↓
(* Let $\Gamma\subset U_+$ be a non-commutative, torsion-free complex Kleinian group and let $\Gamma_p$ be the subgroup of $\Gamma$ generated by all parabolic elements of $\Gamma$. Suppose $\Gamma_p$ is conjugate in $\mathrm{PSL}(3,\mathbb{C})$ to a group $$\Gamma^\ast_W=\{g_{x,y} : (x,y)\in W\},\qquad g_{x,y}=\begin{bmatrix}1&x&y\\0&1&0\\0&0&1\end{bmatrix},$$ for some discrete additive subgroup $W\subset\mathbb{C}^2$ with $\mathrm{rank}(W)\le 2$. Then $\Gamma_p$ is conjugate to one of the following groups: (i) $\Gamma_1=\langle g_{1,0},g_{0,1}\rangle$; (ii) $\Gamma_2=\langle g_{0,1},g_{0,y}\rangle$ with $y\notin\mathbb{R}$; (iii) $\Gamma_3=\langle g_{1,0},g_{x,0}\rangle$ with $x\notin\mathbb{R}$; (iv) $\Gamma_4=\langle g_{1,0}\rangle$; (v) $\Gamma_5=\langle g_{0,1}\rangle$.
   Context: $U_+\subset\mathrm{PSL}(3,\mathbb{C})$ is the subgroup of elements admitting an upper triangular lift in $\mathrm{SL}(3,\mathbb{C})$. A complex Kleinian group is a discrete subgroup of $\mathrm{PSL}(3,\mathbb{C})$ acting properly discontinuously on some nonempty open invariant subset of $\mathbb{CP}^2$. An element of $\mathrm{PSL}(3,\mathbb{C})$ is parabolic if it has a non-diagonalizable lift in $\mathrm{SL}(3,\mathbb{C})$ all of whose eigenvalues have modulus $1$. Torsion-free means the only element of finite order is the identity. *)

From HB Require Import structures.
From mathcomp Require Import all_boot all_order all_algebra.
From mathcomp Require Import all_classical all_reals all_analysis.
From mathcomp Require Import complex.
Set Implicit Arguments.
Unset Strict Implicit.
Unset Printing Implicit Defensive.
Import Order.TTheory GRing.Theory Num.Theory.
Import numFieldTopology.Exports numFieldNormedType.Exports.
Local Open Scope ring_scope.
Local Open Scope classical_set_scope.

(* The usual (modulus) metric topology on C = R[i], as for any numFieldType. *)
HB.instance Definition _ (R : realType) := PseudoPointedMetric.copy R[i] (R[i])^o.

Section PSL3.
Variable R : realType.
Local Notation C := R[i].
Local Notation M3 := 'M[C]_3.
Local Notation V3 := 'cV[C]_3.
Lemma split_one m : split_count 1 m = 0.
Proof.
rewrite /split_count; elim: m => [|m IH]; first by rewrite count_0.
by rewrite count_splitS /shifted /= IH !count_no_piece.
Qed.

Lemma joined_one m : joined_count 1 m = 1.
Proof.
rewrite /joined_count; elim: m => [|m IH]; first by rewrite count_0.
by rewrite count_joinedS /shifted /= IH -/(split_count 1 m) split_one !count_no_piece.
Qed.

Lemma split_diff j m : split_count j.+2 m.+1 = split_count j.+2 m +
  (2 * joined_count j.+1 m + joined_count j m + 2 * split_count j.+1 m + split_count j m).
Proof. by rewrite /split_count /joined_count count_splitS /shifted /= ?subSS ?subn0; lia. Qed.

Lemma joined_diff j m : joined_count j.+2 m.+1 =
  joined_count j.+2 m + (joined_count j.+1 m + 2 * split_count j.+2 m + split_count j.+1 m).
Proof. by rewrite /split_count /joined_count count_joinedS /shifted /= ?subSS ?subn0; lia. Qed.

Definition degree_inv j := [/\ bin_deg (2 * j) (joined_count j.+1),
  bin_le (2 * j) (split_count j.+1), bin_le (2 * j) (joined_count j)
  & bin_le (2 * j) (split_count j)].

Lemma split_degree j : degree_inv j -> bin_deg (2 * j).+1 (split_count j.+2).
Proof.
case=> dj1 ds1 dj0 ds0; apply: bin_deg_integrate (split_diff j).
apply: bin_deg_add ds0; apply: bin_deg_add (bin_le_double ds1).
exact: bin_deg_add (bin_deg_double dj1) dj0.
Qed.
Lemma marginal_cover_ge eps n r :
  ((1 - eps)%:E <= nu [set p | (prefix_count n (mismatch p) <= r)%N])%E ->
  ((1 - eps)%:E <= @marginal S R mu n
     (@language S Y n `&` \bigcup_(c in @language S X n) hball r c))%E.
Proof.
move=> nu_ge; set W := _ `&` _.
set Wy := [set y : cylT S | W (fun i : 'I_n => y (i : nat)%:Z)].
have mWy : measurable Wy.
  apply: (@measurable_local_set S n) => x y xy; congr W; apply/funext => i.
  by rewrite xy //; have := ltn_ord i; lia.
have mX := closed_config_measurable X_closed.
have mY := closed_config_measurable Y_closed.
have mC : measurable [set p : cylT S * cylT S | (prefix_count n (mismatch p) <= r)%N].
  apply: (@measurable_mismatch_set S n (fun f => prefix_count n f <= r)%N) => f g fg.
  by rewrite (prefix_count_local fg).
have XY1 : nu (X `*` Y) = 1%E by rewrite nu_ext.2.
apply: (le_trans nu_ge); rewrite -(probability_setI_full mC (measurableX mX mY) XY1).
apply: (@le_trans _ _ (nu (X `*` (Wy `&` Y)))).
  apply: le_measure; rewrite ?inE.
  - by apply: measurableI => //; exact: measurableX.
  - by apply: measurableX => //; exact: measurableI.
  move=> [x y] /= [xy_close [Xx Yy]]; split => //; split => //; split.
    by exists y => //; exists 0 => i; rewrite add0r.
  exists (fun i : 'I_n => x (i : nat)%:Z).
    by exists x => //; exists 0 => i; rewrite add0r.
  by rewrite /hball /= hamming_mismatch.
rewrite nu_ext.2 //; last exact: measurableI.
by apply: le_measure; rewrite ?inE //; exact: measurableI.
Qed.

Hypothesis nu_erg : @ergodic_measure _ (cylT S * cylT S)%type R (@shift2 S) nu.

Lemma Reps_le_mismatch eps : 0 < eps -> (Reps X Y mu eps <= nu mismatch0)%E.
Proof.
move=> eps_gt0; rewrite -(fineK (fin_num_measure _ _ measurable_mismatch0)).
set m0 := fine _; apply/lee_addgt0Pr => g g_gt0.
have [m freq] := mismatch_frequency_bound nu_erg g_gt0 eps_gt0.
rewrite -EFinD; apply: (@limn_einf_le_eventually _ _ _ (maxn m 1)) => n.
rewrite geq_max => /andP[mn n_gt0].
have bound_ge0 : 0 <= (m0 + g) * n%:R.
  by apply: mulr_ge0 => //; apply: addr_ge0; [exact: fine_ge0|exact: ltW].
set r := Num.truncn ((m0 + g) * n%:R).
have Rwords_le : (@Rwords S R n eps (@language S X n) (@language S Y n)
    (@marginal S R mu n) <= (r%:R)%:E)%E.
  apply: ereal_inf_lbound; exists r => //=; apply: marginal_cover_ge.
  apply: le_trans (freq n mn) _; apply: le_measure; rewrite ?inE.
  - apply: (@measurable_mismatch_set S n
      (fun f => (prefix_count n f)%:R <= (m0 + g) * n%:R)) => f f' ff'.
    by rewrite (prefix_count_local ff').
  - apply: (@measurable_mismatch_set S n (fun f => prefix_count n f <= r)%N) => f f' ff'.
    by rewrite (prefix_count_local ff').
  by move=> p /= count_le; rewrite truncn_ge_nat.
apply: le_trans (lee_wpmul2r _ Rwords_le) _; first by rewrite lee_fin invr_ge0.
by rewrite -EFinM lee_fin ler_pdivrMr ?ltr0n // truncn_le.
Qed.

Lemma R0_le_mismatch : (R0 X Y mu <= nu mismatch0)%E.
Proof.
apply: lime_le.
  apply: nonincreasing_at_right_is_cvge; apply: nearW => x eps eps' _ _ eps_le.
  apply: le_limn_einf => n; apply: lee_wpmul2r; first by rewrite lee_fin invr_ge0.
  apply: ereal_inf_le_tmp => _ [r r_ok <-]; exists r => //.
  by apply: le_trans r_ok; rewrite lee_fin; lra.
by near=> eps; apply: Reps_le_mismatch; near: eps; exact: nbhs_right_gt.
Unshelve. all: by end_near.
Qed.

End cover_from_extension.

Theorem proposition21 (R : realType) (S : FinPointed.type) (X Y : set (config S))
    (mu : probability (cylT S) R) :
  shift_space X -> shift_space Y ->
  mu Y = 1%E -> @ergodic_measure _ (cylT S) R (@left_shift S) mu ->
  (R0 X Y mu <=
   ereal_inf [set nu [set p : cylT S * cylT S | (p.1 (0 : int)) != (p.2 (0 : int))]
             | nu in ergodic_extensions X Y mu])%E.
Proof.
move=> [X_closed _] [Y_closed _] mu_Y _.
apply: le_ereal_inf_tmp => _ [nu [nu_ext nu_erg] <-].
exact: R0_le_mismatch.
Qed.
(* There exists $n_0$ such that for every $n\ge n_0$, the complete bipartite graph $K_{n,n}$ has no intersection representation in $\mathbb R^3$ by homothetic tetrahedra, i.e. there is no family of closed tetrahedra $\{\lambda_v P+w_v\}_{v\in V(K_{n,n})}$ (for a fixed tetrahedron $P\subset\mathbb R^3$, $\lambda_v>0$, $w_v\in\mathbb R^3$) such that for distinct vertices $u,v$ the tetrahedra of $u$ and $v$ intersect if and only if $uv$ is an edge of $K_{n,n}$. *)

From Stdlib Require Import Reals.
Open Scope R_scope.

Definition pt : Type := (R * R * R)%type.

Definition padd (x y : pt) : pt :=
  let '(x1, x2, x3) := x in let '(y1, y2, y3) := y in (x1 + y1, x2 + y2, x3 + y3).
Definition psub (x y : pt) : pt :=
  let '(x1, x2, x3) := x in let '(y1, y2, y3) := y in (x1 - y1, x2 - y2, x3 - y3).
Definition pscale (c : R) (x : pt) : pt :=
  let '(x1, x2, x3) := x in (c * x1, c * x2, c * x3).

Definition det3 (a b c : pt) : R :=
  let '(a1, a2, a3) := a in let '(b1, b2, b3) := b in let '(c1, c2, c3) := c in
  a1 * (b2 * c3 - b3 * c2) - a2 * (b1 * c3 - b3 * c1) + a3 * (b1 * c2 - b2 * c1).

Record tetra : Type := Tetra {
  tv0 : pt; tv1 : pt; tv2 : pt; tv3 : pt;
  tetra_nondeg : det3 (psub tv1 tv0) (psub tv2 tv0) (psub tv3 tv0) <> 0
}.

Definition in_tetra (P : tetra) (x : pt) : Prop :=
  exists a b c d : R, 0 <= a /\ 0 <= b /\ 0 <= c /\ 0 <= d /\ a + b + c + d = 1 /\
    x = padd (padd (pscale a (tv0 P)) (pscale b (tv1 P)))
             (padd (pscale c (tv2 P)) (pscale d (tv3 P))).

Definition in_homothet (P : tetra) (lam : R) (w : pt) (x : pt) : Prop :=
  exists y : pt, in_tetra P y /\ x = padd (pscale lam y) w.

Definition homothets_meet (P : tetra) (l1 : R) (w1 : pt) (l2 : R) (w2 : pt) : Prop :=
  exists x : pt, in_homothet P l1 w1 x /\ in_homothet P l2 w2 x.

Definition Knn_adj (n u v : nat) : Prop :=
  ((u < n)%nat /\ (n <= v < 2 * n)%nat) \/ ((v < n)%nat /\ (n <= u < 2 * n)%nat).

Definition homothet_rep_Knn (P : tetra) (n : nat) (lam : nat -> R) (w : nat -> pt) : Prop :=
  (forall v, (v < 2 * n)%nat -> 0 < lam v) /\
  (forall u v, (u < 2 * n)%nat -> (v < 2 * n)%nat -> u <> v ->
     (homothets_meet P (lam u) (w u) (lam v) (w v) <-> Knn_adj n u v)).

(* Fix the tetrahedron P and let l_0, ..., l_3 be the linear
   functionals defining its facets, normalised so that l_0 + ... + l_3 = 0.
   The homothet  lam * P + w  (lam > 0) is then { x | l_c(x) <= s_c, c < 4 }
   for a "support vector" s in R^4, and conversely every vector with zero sum
   is the facet vector (l_c(x))_c of some point x.  Hence two homothets with
   support vectors s, t meet iff  sum_c min(s_c, t_c) >= 0.

   Colour each pair i < j of vertices of one part by the
   pattern { c | s(i)_c <= s(j)_c }, one of 16 colours.  In a part of more than
   2^16 vertices some path i < j < k is monochromatic.  If the pattern T
   realises min(s(i), s(j)) with negative sum, and also (same T) a negative
   sum for s(j), s(k), then every vector meeting both s(i) and s(k) has a
   strictly larger coordinate sum than the middle vector s(j).  Applying this
   to a monochromatic path in each part gives  sum s(j) < sum s(j') < sum s(j),
   a contradiction. *)

From Stdlib Require Import Reals Lra Lia List FinFun Classical.

Local Open Scope nat_scope.

Fixpoint code (K : nat) (p : nat -> bool) : nat :=
  match K with
  | 0 => 0
  | S K => (if p 0 then 1 else 0) + 2 * code K (fun c => p (S c))
  end.

Lemma code_lt K : forall p, code K p < 2 ^ K.
Proof.
  induction K as [|K IH]; intros p; simpl; [lia|].
  specialize (IH (fun c => p (S c))). destruct (p 0); lia.
Qed.

Lemma code_inj K : forall p q, code K p = code K q -> forall c, c < K -> p c = q c.
Proof.
  induction K as [|K IH]; intros p q E c Hc; [lia|]. simpl in E.
  assert (Hhead : p 0 = q 0) by (destruct (p 0), (q 0); lia).
  assert (Htail : code K (fun c => p (S c)) = code K (fun c => q (S c)))
    by (destruct (p 0), (q 0); lia).
  destruct c as [|c]; [exact Hhead|].
  apply (IH _ _ Htail c). lia.
Qed.

Lemma pigeonhole m M (f : nat -> nat) :
  (forall i, i < m -> f i < M) ->
  (forall i j, i < m -> j < m -> f i = f j -> i = j) -> m <= M.
Proof.
  intros Hrange Hinj.
  rewrite <- (length_seq m 0), <- (length_seq M 0), <- (length_map f).
  apply NoDup_incl_length.
  - apply Injective_map_NoDup_in; [|apply seq_NoDup].
    intros i j Hi Hj. apply in_seq in Hi, Hj. apply Hinj; lia.
  - intros y Hy. apply in_map_iff in Hy as [i [<- Hi]]. apply in_seq in Hi.
    apply in_seq. specialize (Hrange i ltac:(lia)). lia.
Qed.
(* Assume $\mathbb{E}[f(x)]\ge c$ and fix a type vector $\kappa$. Let ${\bf g}$ be a network that is stable under complete information (i.e., when all agents know $\kappa$, no selected pair would form a new link or sever an existing link of ${\bf g}$) and that belongs to one of the following classes: (1) the empty network; (2) a minimally connected (tree) network, including a star; (3) the complete network; (4) a core-periphery network; (5) a wheel network. Then ${\bf g}\in G^*_{IC}(\kappa)$.
   Context: Model. There are $N\ge 2$ agents $I=\{1,\dots,N\}$. Each agent $i$ has a private type $k_i\in X$; types are drawn i.i.d. from a prior distribution $H$ on $X$, and $\kappa=(k_1,\dots,k_N)$ is the type vector. There is a function $f:X\to\mathbb{R}_{>0}$, a link cost $c>0$ and a decay factor $\delta\in(0,1)$; $\mathbb{E}[f(x)]=\int_X f\,dH$ is assumed well defined. A network ${\bf g}$ is a set of unordered pairs $ij$ ($i\neq j$), called links. Agents $i,j$ are connected in ${\bf g}$ if there is a path of links between them; $d_{ij}$ is the length of a shortest such path ($\infty$ if not connected); $C_i$ denotes the component of ${\bf g}$ containing $i$. Agent $i$'s payoff is $u_i({\bf g})=\sum_{j\neq i,\ j\text{ connected to }i}\delta^{d_{ij}-1}f(k_j)-c\cdot\#\{j: ij\in{\bf g}\}$. Dynamics. The network is empty at $t=0$. In each period $t\ge1$ one unordered pair $(i,j)$ is selected; the sequence of selected pairs up to $t$ is the selection path $\gamma(t)$. The selected agents observe each other's components and simultaneously choose $a_{ij},a_{ji}\in\{0,1\}$ (1 = agree to form the link if absent / keep it if present, 0 = refuse / sever); after the period the link $ij$ is present iff $a_{ij}=a_{ji}=1$. Agents are myopic and play the stable optimistic equilibrium (SOE): agent $i$ chooses $1$ iff his expected current payoff (w.r.t. his belief) from the network resulting with the link $ij$ is at least his current payoff without it. Information. Under complete information every agent knows $\kappa$. Under incomplete information (simple updating rule), if $i$ and $j$ have ever been connected at some period so far, each knows the other's type; otherwise each one's belief about the other's type is the prior $H$. Emergence and stability. Given a selection path $\gamma(t)$, the resulting network ${\bf g}(\gamma(t))$ and beliefs $B(\gamma(t))$ are uniquely determined. A pair $({\bf g},B)$ is stable if no link is formed or severed along any subsequent selection path. $G^*_{IC}(\kappa)$ is the set of networks ${\bf g}$ such that, under incomplete information, ${\bf g}={\bf g}(\gamma(t))$ for some selection path $\gamma(t)$ and $({\bf g}(\gamma(t)),B(\gamma(t)))$ is stable. Network classes. ${\bf g}$ is complete if $ij\in{\bf g}$ for all $i\neq j$. A star: there is $i$ with $ij\in{\bf g}$ for all $j\neq i$ and no other links. Core-periphery: there is a nonempty $I'\subsetneq I$ such that all pairs in $I'$ are linked and every $j'\in I\setminus I'$ is linked to exactly one agent of $I'$ and to no other agent. Tree (minimally connected): connected, and removing any link disconnects it. Wheel: there is a bijection $\pi:I\to I$ such that ${\bf g}$ consists exactly of the links $\pi^{-1}(1)\pi^{-1}(2),\pi^{-1}(2)\pi^{-1}(3),\dots,\pi^{-1}(N-1)\pi^{-1}(N),\pi^{-1}(N)\pi^{-1}(1)$. *)

From HB Require Import structures.
From mathcomp Require Import all_boot all_order all_algebra all_fingroup.
Set Implicit Arguments. Unset Strict Implicit. Unset Printing Implicit Defensive.
Import Order.TTheory GRing.Theory Num.Theory.
Local Open Scope ring_scope.

(* Agents are 'I_N.  A network is a set of links; a link ij is the
   two-element set [set i; j]. *)
Definition network (N : nat) := {set {set 'I_N}}.

Definition wf_network N (g : network N) : bool := [forall e in g, #|e| == 2%N].

Definition adj N (g : network N) : rel 'I_N :=
  fun i j => (i != j) && ([set i; j] \in g).

Definition has_walk N (g : network N) (i j : 'I_N) (n : nat) : bool :=
  [exists p : n.-tuple 'I_N, path (adj g) i p && (last i p == j)].

(* d_ij : length of a shortest path (only used when i,j are connected;
   then it is < N). *)
Definition dist N (g : network N) (i j : 'I_N) : nat :=
  find (fun n => has_walk g i j n) (iota 0 N).

(* Beliefs: K is the set of ordered pairs (i,j) such that i knows j's type
   (under the simple updating rule: i and j have been connected at some
   period).  Otherwise i's belief about k_j is the prior H, and by linearity
   of the expected payoff only Ef = E[f(x)] matters. *)
Definition knowledge N := {set 'I_N * 'I_N}.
↑
Reproduce exactly the lines above from the line with "Proof. by rewrite /split_count /joined_count count_splitS" to the line with "apply: (le_trans nu_ge);", including both, and add nothing.

Written solution:
Proof. by rewrite /split_count /joined_count count_splitS /shifted /= ?subSS ?subn0; lia. Qed.

Lemma joined_diff j m : joined_count j.+2 m.+1 =
  joined_count j.+2 m + (joined_count j.+1 m + 2 * split_count j.+2 m + split_count j.+1 m).
Proof. by rewrite /split_count /joined_count count_joinedS /shifted /= ?subSS ?subn0; lia. Qed.

Definition degree_inv j := [/\ bin_deg (2 * j) (joined_count j.+1),
  bin_le (2 * j) (split_count j.+1), bin_le (2 * j) (joined_count j)
  & bin_le (2 * j) (split_count j)].

Lemma split_degree j : degree_inv j -> bin_deg (2 * j).+1 (split_count j.+2).
Proof.
case=> dj1 ds1 dj0 ds0; apply: bin_deg_integrate (split_diff j).
apply: bin_deg_add ds0; apply: bin_deg_add (bin_le_double ds1).
exact: bin_deg_add (bin_deg_double dj1) dj0.
Qed.
Lemma marginal_cover_ge eps n r :
  ((1 - eps)%:E <= nu [set p | (prefix_count n (mismatch p) <= r)%N])%E ->
  ((1 - eps)%:E <= @marginal S R mu n
     (@language S Y n `&` \bigcup_(c in @language S X n) hball r c))%E.
Proof.
move=> nu_ge; set W := _ `&` _.
set Wy := [set y : cylT S | W (fun i : 'I_n => y (i : nat)%:Z)].
have mWy : measurable Wy.
  apply: (@measurable_local_set S n) => x y xy; congr W; apply/funext => i.
  by rewrite xy //; have := ltn_ord i; lia.
have mX := closed_config_measurable X_closed.
have mY := closed_config_measurable Y_closed.
have mC : measurable [set p : cylT S * cylT S | (prefix_count n (mismatch p) <= r)%N].
  apply: (@measurable_mismatch_set S n (fun f => prefix_count n f <= r)%N) => f g fg.
  by rewrite (prefix_count_local fg).
have XY1 : nu (X `*` Y) = 1%E by rewrite nu_ext.2.
apply: (le_trans nu_ge); rewrite -(probability_setI_full mC (measurableX mX mY) XY1).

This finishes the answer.